The new generation can be further divided into three parts: Eden, Survivor0 (ABBREVIATED as S0), and Survivor1 (abbreviated as S1). These three sections divide the new generation by an 8:1:1 ratio. The memory allocation process of these three areas is as follows:

Most newly created objects will be stored in Eden. As shown in the figure:

When Eden is full for the first time, garbage collection takes place. Garbage objects in Eden will be collected and cleaned first, and the surviving objects will be copied to S0, where S1 is empty. As shown in the figure:

The next time Eden is full, the garbage collection is performed again. This time, all garbage objects in Eden and S0 will be removed and the living objects will be copied to S1, at which point S0 will be empty. As shown in the figure:

After doing this repeatedly, switching between S0 and S1 a few times (15 by default), if there are any surviving objects. If these objects have a long life cycle, move them to the old age. As shown in the figure:

The old s

If an object survives long enough in the Cenozoic era to not be cleaned up, it will be copied to the old age. The memory size of the older generation is generally larger than that of the new generation and can hold more objects. If the object is large (such as a long string or a large array) and there is not enough space left for the new generation, the large object will be allocated directly to the old generation.

We can use – XX: PretenureSizeThreshold to control the size of the object directly to the old s, is greater than the value of the object will be allocated directly on the old s. In the old age, because of the long life cycle of the object, there is no need for too much copy operation, so the recovery algorithm of mark compression is generally adopted.

Note: It can be the case for older generations that objects from older generations sometimes refer to new generation objects.
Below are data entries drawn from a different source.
Lemma dotv_eq0 u : (dotv u u == 0) = (u == 0).
Proof.
apply/idP/idP => [/eqP H|/eqP->]; last by rewrite dotv0l.
apply/eqP/matrixP => i j; rewrite !ord1 mxE.
have H2 : \sum_(k < n) (u k ord0) ^+ 2 = 0.
  by rewrite -[RHS]H /dotv; apply: eq_bigr => k _; rewrite expr2.
have := psumr_eq0P (fun k _ => sqr_ge0 (u k ord0)) H2.
by move=> /(_ i isT) /eqP; rewrite sqrf_eq0 => /eqP.
Qed.

Lemma dotv_gt0 u : u != 0 -> 0 < dotv u u.
Proof.
move=> nz; rewrite lt_def dotv_eq0 nz /=.
by apply: sumr_ge0 => i _; rewrite -expr2 sqr_ge0.
Qed.

Lemma trmx_mul_dotv u v : u^T *m v = (dotv u v)%:M.
Proof.
apply/matrixP => i j; rewrite !ord1 !mxE eqxx /=.
by apply: eq_bigr => k _; rewrite mxE.
Qed.

Definition refl_coef a v := 2 * dotv a v / dotv a a.

Lemma refl_mxE a v : refl_mx a *m v = v - refl_coef a v *: a.
Proof.
rewrite /refl_mx mulmxBl mul1mx -scalemxAl -mulmxA trmx_mul_dotv mul_mx_scalar.
by rewrite scalerA /refl_coef mulrAC.
Qed.

Lemma refl_mx_orth a v : dotv a v = 0 -> refl_mx a *m v = v.
Proof. by move=> av; rewrite refl_mxE /refl_coef av mulr0 mul0r scale0r subr0. Qed.

Lemma mx_ext_mulmx (A B : 'M[R]_n) : (forall v : vec, A *m v = B *m v) -> A = B.
Proof.
move=> H; apply/matrixP => i j.
have /matrixP/(_ i ord0) := H (delta_mx j 0).
by rewrite -!colE !mxE.
Qed.

Lemma refl_mxK a v : a != 0 -> refl_mx a *m (refl_mx a *m v) = v.
Proof.
move=> nz; have ha := dotv_gt0 nz.
rewrite !refl_mxE; set k := refl_coef a v.
have -> : refl_coef a (v - k *: a) = - k.
  by rewrite /refl_coef dotvBr dotvZr /k /refl_coef; field; rewrite lt0r_neq0.
by rewrite scaleNr opprK subrK.
Qed.

Lemma refl_mx_sq a : a != 0 -> refl_mx a *m refl_mx a = 1%:M.
Proof. by move=> nz; apply: mx_ext_mulmx => v; rewrite -mulmxA refl_mxK // mul1mx. Qed.

Lemma refl_mx_self a : a != 0 -> refl_mx a *m a = - a.
Proof.
move=> nz; rewrite refl_mxE /refl_coef mulfK; last by rewrite dotv_eq0.
by rewrite scaler_nat mulr2n opprD addNKr.
Qed.

Lemma refl_mxN a : refl_mx (- a) = refl_mx a.
Proof.
apply: mx_ext_mulmx => v; rewrite !refl_mxE /refl_coef dotvNl dotvNr dotvNl opprK.
by rewrite scalerN -scaleNr mulrN mulNr opprK.
Qed.

Definition isometry_mx (M : 'M[R]_n) := forall u v, dotv (M *m u) (M *m v) = dotv u v.

Lemma isometry_refl_mx a : a != 0 -> isometry_mx (refl_mx a).
Proof.
move=> nz u v; have ha' := lt0r_neq0 (dotv_gt0 nz).
by rewrite !refl_mxE !(dotvBl, dotvBr, dotvZl, dotvZr) /refl_coef (dotvC u a); field.
Qed.

Lemma isometry_mulmx (M N : 'M[R]_n) : isometry_mx M -> isometry_mx N -> isometry_mx (M *m N).
Proof. by move=> iM iN u v; rewrite -!mulmxA iM iN. Qed.

Lemma isometry_inj (M : 'M[R]_n) u v : isometry_mx M -> M *m u = M *m v -> u = v.
Proof.
move=> iM H; apply/eqP; rewrite -subr_eq0 -dotv_eq0 -iM mulmxBr H subrr.
by rewrite dotv0l.
Qed.

Lemma refl_mx_conj (M : 'M[R]_n) a : isometry_mx M ->
  refl_mx (M *m a) *m M = M *m refl_mx a.
Proof.
by move=> iM; apply: mx_ext_mulmx => v; rewrite -!mulmxA !refl_mxE mulmxBr -scalemxAr /refl_coef !iM.
Qed.

Lemma word_mx_rcons s a : word_mx (rcons s a) = word_mx s *m refl_mx a.
Proof. by elim: s => [|b s IH] /=; rewrite ?mulmx1 ?mul1mx // IH mulmxA. Qed.

Lemma word_mx_cat s t : word_mx (s ++ t) = word_mx s *m word_mx t.
Proof. by elim: s => [|b s IH] /=; rewrite ?mul1mx // IH mulmxA. Qed.

Lemma word_mx_isometry s : all (fun a => a != 0) s -> isometry_mx (word_mx s).
Proof.
elim: s => [|b s IH] /=; first by move=> _ u v; rewrite !mul1mx.
by case/andP => nb /IH; apply: isometry_mulmx; apply: isometry_refl_mx.
Qed.

Lemma word_mx_revK s : all (fun a => a != 0) s -> word_mx (rev s) *m word_mx s = 1%:M.
Proof.
elim: s => [|b s IH] /=; first by rewrite mulmx1.
case/andP => nb /IH H; rewrite rev_cons word_mx_rcons -mulmxA (mulmxA (refl_mx b)).
by rewrite refl_mx_sq // mul1mx.
Qed.

Lemma word_mx_Krev s : all (fun a => a != 0) s -> word_mx s *m word_mx (rev s) = 1%:M.
Proof. by move=> H; rewrite -{1}(revK s) word_mx_revK // all_rev. Qed.

End Reflections.

Section RootSystem.
Variables (R : realFieldType) (n : nat) (Phi Delta : seq 'cV[R]_n).
Notation vec := 'cV[R]_n.
Notation m := (size Delta).
Implicit Types (u v w a b : vec) (s t : seq vec).
Hypothesis rs : root_system Phi.
Hypothesis bs : is_basis Phi Delta.

Lemma root_neq0 a : a \in Phi -> a != 0.
Proof. by case: rs => [[_ h0] _ _ _ _] aP; apply: contraNneq h0 => <-. Qed.

Lemma roots_neq0 s : all (mem Phi) s -> all (fun a => a != 0) s.
Proof. by move=> /allP H; apply/allP => a /H; apply: root_neq0. Qed.

Lemma refl_root a b : a \in Phi -> b \in Phi -> refl_mx a *m b \in Phi.
Proof. by case: rs => _ _ h _ _; apply: h. Qed.

Lemma oppr_root a : a \in Phi -> - a \in Phi.
Proof. by move=> aP; rewrite -refl_mx_self ?root_neq0 // refl_root. Qed.

Lemma simple_root : {subset Delta <= Phi}.
Proof. by case: bs. Qed.

Lemma inW_word s : all (mem Phi) s -> inW Phi (word_mx s).
Proof. by move=> sP; exists s. Qed.

Lemma inW_isometry M : inW Phi M -> isometry_mx M.
Proof. by case=> s [/roots_neq0 sP ->]; exact: word_mx_isometry. Qed.

Lemma inW_root M b : inW Phi M -> b \in Phi -> M *m b \in Phi.
Proof.
case=> s [+ ->]; elim: s => [|a s IH] /=; first by rewrite mul1mx.
by case/andP => aP sP bP; rewrite -mulmxA refl_root // IH.
Qed.

Lemma perm_roots_inW M : inW Phi M -> perm_eq Phi (map (mulmx M) Phi).
Proof.
move=> MW; have [[uP _] _ _ _ _] := rs.
have um : uniq (map (mulmx M) Phi).
  by rewrite map_inj_in_uniq // => x y _ _; apply: isometry_inj (inW_isometry MW).
have sub : {subset map (mulmx M) Phi <= Phi} by move=> x /mapP [y yP ->]; apply: inW_root.
have [_ E] := uniq_min_size um sub (eq_leq (esym (size_map _ _))).
by apply: uniq_perm => // x; rewrite E.
Qed.

Lemma count_roots_inW M (P : pred vec) : inW Phi M ->
  count P Phi = count (fun b => P (M *m b)) Phi.
Proof. by move=> MW; rewrite (permP (perm_roots_inW MW)) count_map. Qed.

Lemma mem_nth_simple (j : 'I_m) : Delta`_j \in Delta.
Proof. exact: mem_nth. Qed.

Definition comb (c : 'I_m -> R) : vec := \sum_(i < m) c i *: Delta`_i.

Lemma combB c d : comb c - comb d = comb (fun i => c i - d i).
Proof. by rewrite /comb -sumrB; apply: eq_bigr => i _; rewrite scalerBl. Qed.

Lemma combN c : - comb c = comb (fun i => - c i).
Proof. by rewrite /comb -sumrN; apply: eq_bigr => i _; rewrite scaleNr. Qed.

Lemma combZ k c : k *: comb c = comb (fun i => k * c i).
Proof. by rewrite /comb scaler_sumr; apply: eq_bigr => i _; rewrite scalerA. Qed.

Lemma comb_inj c d : comb c = comb d -> forall i, c i = d i.
Proof.
move=> H i; apply/eqP; rewrite -subr_eq0; apply/eqP.
case: bs => _ _ li _; apply: (li (fun i => c i - d i)).
by rewrite -[LHS]/(comb (fun i => c i - d i)) -combB H subrr.
Qed.

Lemma comb_delta j : comb (fun i => (i == j)%:R) = Delta`_j.
Proof.
rewrite /comb (bigD1 j) //= eqxx scale1r big1 ?addr0 // => i /negPf ->.
by rewrite scale0r.
Qed.

Lemma comb_nat_eq0 (c : 'I_m -> nat) :
  (forall i, c i = 0%N) -> comb (fun i => (c i)%:R) = 0.
Proof. by move=> c0; rewrite /comb big1 // => i _; rewrite c0 scale0r. Qed.

Definition positive b : bool :=
  if excluded_middle_informative (nonneg_comb Delta b) then true else false.

Lemma positiveP b :
  reflect (exists c : 'I_m -> nat, b = comb (fun i => (c i)%:R)) (positive b).
Proof. by rewrite /positive; case: excluded_middle_informative => h; constructor. Qed.

Lemma positiveN b : b \in Phi -> positive (- b) = ~~ positive b.
Proof.
move=> bP; case: (positiveP b) => [[c Hc]|nb]; case: (positiveP (- b)) => //.
- move=> [d Hd]; have /comb_inj E : comb (fun i => (c i)%:R) = comb (fun i => - (d i)%:R).
    by rewrite -combN -Hd -Hc opprK.
  have c0 i : c i = 0%N.
    by move/eqP: (E i); rewrite -addr_eq0 -natrD pnatr_eq0 addn_eq0 => /andP [/eqP].
  by move: (root_neq0 bP); rewrite Hc comb_nat_eq0 ?eqxx.
- by case: bs => _ _ _ /(_ b bP) [].
Qed.

Lemma positive_coef b (r : 'I_m -> R) j : b \in Phi -> b = comb r -> 0 < r j -> positive b.
Proof.
move=> bP Hb rj; apply: contraT; rewrite -positiveN // => /positiveP [d Hd].
have /comb_inj/(_ j) E : comb r = comb (fun i => - (d i)%:R).
  by rewrite -combN -Hd Hb opprK.
by move: rj; rewrite E oppr_gt0 ltNge ler0n.
Qed.

Lemma positive_nat_coef b : b \in Phi -> positive b ->
  exists c : 'I_m -> nat, b = comb (fun i => (c i)%:R) /\ exists j, (0 < c j)%N.
Proof.
move=> bP /positiveP [c Hc]; exists c; split => //.
apply/existsP; apply: contraT; rewrite negb_exists => /forallP H0.
move: (root_neq0 bP); rewrite Hc comb_nat_eq0 ?eqxx // => i.
by apply/eqP; rewrite -leqn0 leqNgt H0.
Qed.

Definition simple_index a (aD : a \in Delta) : 'I_m :=
  Ordinal (etrans (index_mem a Delta) aD).

Lemma simple_indexE a (aD : a \in Delta) : Delta`_(simple_index aD) = a.
Proof. by rewrite /simple_index /= nth_index. Qed.

Lemma simple_positive al : al \in Delta -> positive al.
Proof.
move=> aD; apply/positiveP; exists (fun i => (i == simple_index aD)%N).
rewrite -{1}(simple_indexE aD) -(comb_delta (simple_index aD)) /comb.
by apply: eq_bigr => i _; case: (i == simple_index aD).
Qed.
If you want to perform a Cenozoic GC at this point, you may need to query for possible references to Cenozoic in the entire old era, which is obviously inefficient. Therefore, a 512 byte card table is maintained in the old age, where all information about the old age objects referencing the new age objects is recorded. Whenever GC occurs in the new generation, only the card table needs to be checked, greatly improving performance.

The GC Log analysis

To make it easier for upper-layer application developers to debug Java programs, the JVM provides GC logs. Various corresponding logs are printed during the GC execution of the garbage collection event. There are differences between the logs printed by the new generation and the old generation.

  • Cenozoic GC: This area is called a Minor GC. Because Java objects are mostly ephemeral, Minor GC is frequent and generally fast.
  • Old GC: GC that occurs in this region is also called Major GC or Full GC. When a Major GC occurs, it is often accompanied by at least one Minor GC.
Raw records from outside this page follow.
Definition reach (k : nat) : {set Q} :=
  iter k (fun B => B :|: \bigcup_(s | perm_letter s) [set delta q s | q in B]) [set x0].

Lemma reach_word k y : y \in reach k ->
  exists2 w, perm_word w && (size w <= k) & act_word delta x0 w = y.
Proof.
elim: k y => [|k IH] y /=; first by move/set1P->; exists [::].
case/setUP => [/IH[w /andP[pw sw] <-] | /bigcupP[s ps /imsetP[q /IH[w]]]].
  by exists w => //; rewrite pw (leqW sw).
case/andP=> pw sw <- ->.
exists (w ++ [:: s]); last by rewrite act_word_cat.
by rewrite perm_word_cat pw /= ps size_cat addn1 ltnS sw.
Qed.

Lemma reach_subS k : reach k \subset reach k.+1.
Proof. exact: subsetUl. Qed.

Lemma reach_full : two_transitive (perm_group delta) -> reach #|Q|.-1 = setT.
Proof.
move=> P2; apply/eqP; rewrite -subn1.
apply: (@holds_by_strict_growth (fun k => reach k == setT) (fun k => #|reach k|)).
- by move=> k /eqP full; rewrite eqEsubset subsetT -full reach_subS.
- move=> k /=; have [_ | le_card] := ltnP #|reach k| #|reach k.+1|; rewrite ?orbT // orbF.
  have /eqP stable : reach k == reach k.+1 by rewrite eqEcard reach_subS.
  have inv : {subset perm_group delta <= [pred g : {perm Q} |
      [forall q, (q \in reach k) ==> (g q \in reach k)]]}.
    apply: perm_group_ind => [|g h /forallP Hg /forallP Hh|s g ps gE];
      apply/forallP => q; rewrite ?perm1 ?permM ?gE ?implybb //; apply/implyP.
      by move=> /(implyP (Hg q)) /(implyP (Hh (g q))).
    move=> qB; rewrite stable; apply/setUP; right.
    by apply/bigcupP; exists s; rewrite ?imset_f.
  have x0_reach j : x0 \in reach j by elim: j => [|j IHj]; rewrite /= ?inE ?eqxx ?IHj.
  rewrite eqEsubset subsetT; apply/subsetP => y _.
  have [<- // | x0y] := eqVneq x0 y.
  have [g Pg [gx0 _]] := P2 x0 y y x0 x0y ltac:(by rewrite eq_sym).
  by rewrite -gx0; apply: (implyP (forallP (inv g Pg) x0)).
- by move=> k; rewrite -properT => /proper_card; rewrite cardsT.
- by rewrite cards1.
Qed.
(* Let $M\ge1$, $\Delta x,\Delta y>0$, and consider the Cartesian cells $C_{j,k}=[x_{j-\frac12},x_{j+\frac12}]\times[y_{k-\frac12},y_{k+\frac12}]$ with centers $(x_j,y_k)=(j\Delta x,k\Delta y)$, $j,k\in\{-M,\dots,M\}$. Let $H:[0,\infty)\to\mathbb{R}$ be differentiable, $V:\mathbb{R}^2\to\mathbb{R}$, and $(W_{p,q})_{p,q\in\{-2M,\dots,2M\}}$ real numbers. Suppose cell averages $\overline\rho_{j,k}\ge0$ are given at time $t$, and define: \begin{itemize} \item slopes $(\rho_x)_{j,k},(\rho_y)_{j,k}$ and point values $\rho_{j,k}^{\rm E}=\overline\rho_{j,k}+\frac{\Delta x}{2}(\rho_x)_{j,k}$, $\rho_{j,k}^{\rm W}=\overline\rho_{j,k}-\frac{\Delta x}{2}(\rho_x)_{j,k}$, $\rho_{j,k}^{\rm N}=\overline\rho_{j,k}+\frac{\Delta y}{2}(\rho_y)_{j,k}$, $\rho_{j,k}^{\rm S}=\overline\rho_{j,k}-\frac{\Delta y}{2}(\rho_y)_{j,k}$, where the slopes are chosen so that all four point values are nonnegative; \item $\xi_{j,k}=\Delta x\Delta y\sum_{i,l}W_{j-i,k-l}\overline\rho_{i,l}+H'(\overline\rho_{j,k})+V(x_j,y_k)$; \item $u_{j+\frac12,k}=-\frac{\xi_{j+1,k}-\xi_{j,k}}{\Delta x}$, $v_{j,k+\frac12}=-\frac{\xi_{j,k+1}-\xi_{j,k}}{\Delta y}$, with positive parts $u^+=\max(u,0)$, $v^+=\max(v,0)$ and negative parts $u^-=\min(u,0)$, $v^-=\min(v,0)$; \item $F^x_{j+\frac12,k}=u^+_{j+\frac12,k}\rho^{\rm E}_{j,k}+u^-_{j+\frac12,k}\rho^{\rm W}_{j+1,k}$ and $F^y_{j,k+\frac12}=v^+_{j,k+\frac12}\rho^{\rm N}_{j,k}+v^-_{j,k+\frac12}\rho^{\rm S}_{j,k+1}$ at interior interfaces, and $F^x_{\pm(M+\frac12),k}=F^y_{j,\pm(M+\frac12)}=0$. \end{itemize} Define the forward Euler update \[ \overline\rho_{j,k}(t+\Delta t)=\overline\rho_{j,k}-\frac{\Delta t}{\Delta x}\big(F^x_{j+\frac12,k}-F^x_{j-\frac12,k}\big)-\frac{\Delta t}{\Delta y}\big(F^y_{j,k+\frac12}-F^y_{j,k-\frac12}\big). \] If \[ \Delta t\le\min\Big\{\frac{\Delta x}{4a},\frac{\Delta y}{4b}\Big\},\quad a=\max_{j,k}\{u^+_{j+\frac12,k},-u^-_{j+\frac12,k}\},\quad b=\max_{j,k}\{v^+_{j,k+\frac12},-v^-_{j,k+\frac12}\}, \] then $\overline\rho_{j,k}(t+\Delta t)\ge0$ for all $j,k$. The same conclusion holds if the forward Euler step is replaced by a strong stability preserving Runge–Kutta step whose stages are convex combinations of forward Euler steps, each satisfying this CFL condition. Consequently, starting from nonnegative initial cell averages, all computed cell averages remain nonnegative.
   Context: This is the two-dimensional semi-discrete finite-volume scheme $\frac{d\overline\rho_{j,k}}{dt}=-\frac{F^x_{j+\frac12,k}-F^x_{j-\frac12,k}}{\Delta x}-\frac{F^y_{j,k+\frac12}-F^y_{j,k-\frac12}}{\Delta y}$ for $\rho_t=\nabla\cdot[\rho\nabla(H'(\rho)+V(\mathbf{x})+W*\rho)]$ with $\rho_0\ge0$; $W_{p,q}$ approximates $W(p\Delta x,q\Delta y)$. In the paper the slopes are centered differences, replaced by generalized minmod-limited slopes where a point value would otherwise be negative. *)

From Stdlib Require Import Reals ZArith List.
From Coquelicot Require Import Coquelicot.
Open Scope R_scope.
Note: There are some differences between the Major and Full GC in some virtual machine implementations. The Major GC simply represents the collection of the old generation, while the Full GC represents the collection of the entire heap, which is the new generation plus the old generation.

Conclusion:

The virtual machine garbage collection mechanism is often one of the major factors affecting system performance and concurrency. Especially for Android developers, garbage collection can sometimes affect UI threads to a large extent and cause the interface to stall. Therefore, understanding the garbage collection mechanism and learning to analyze GC logs is an essential skill.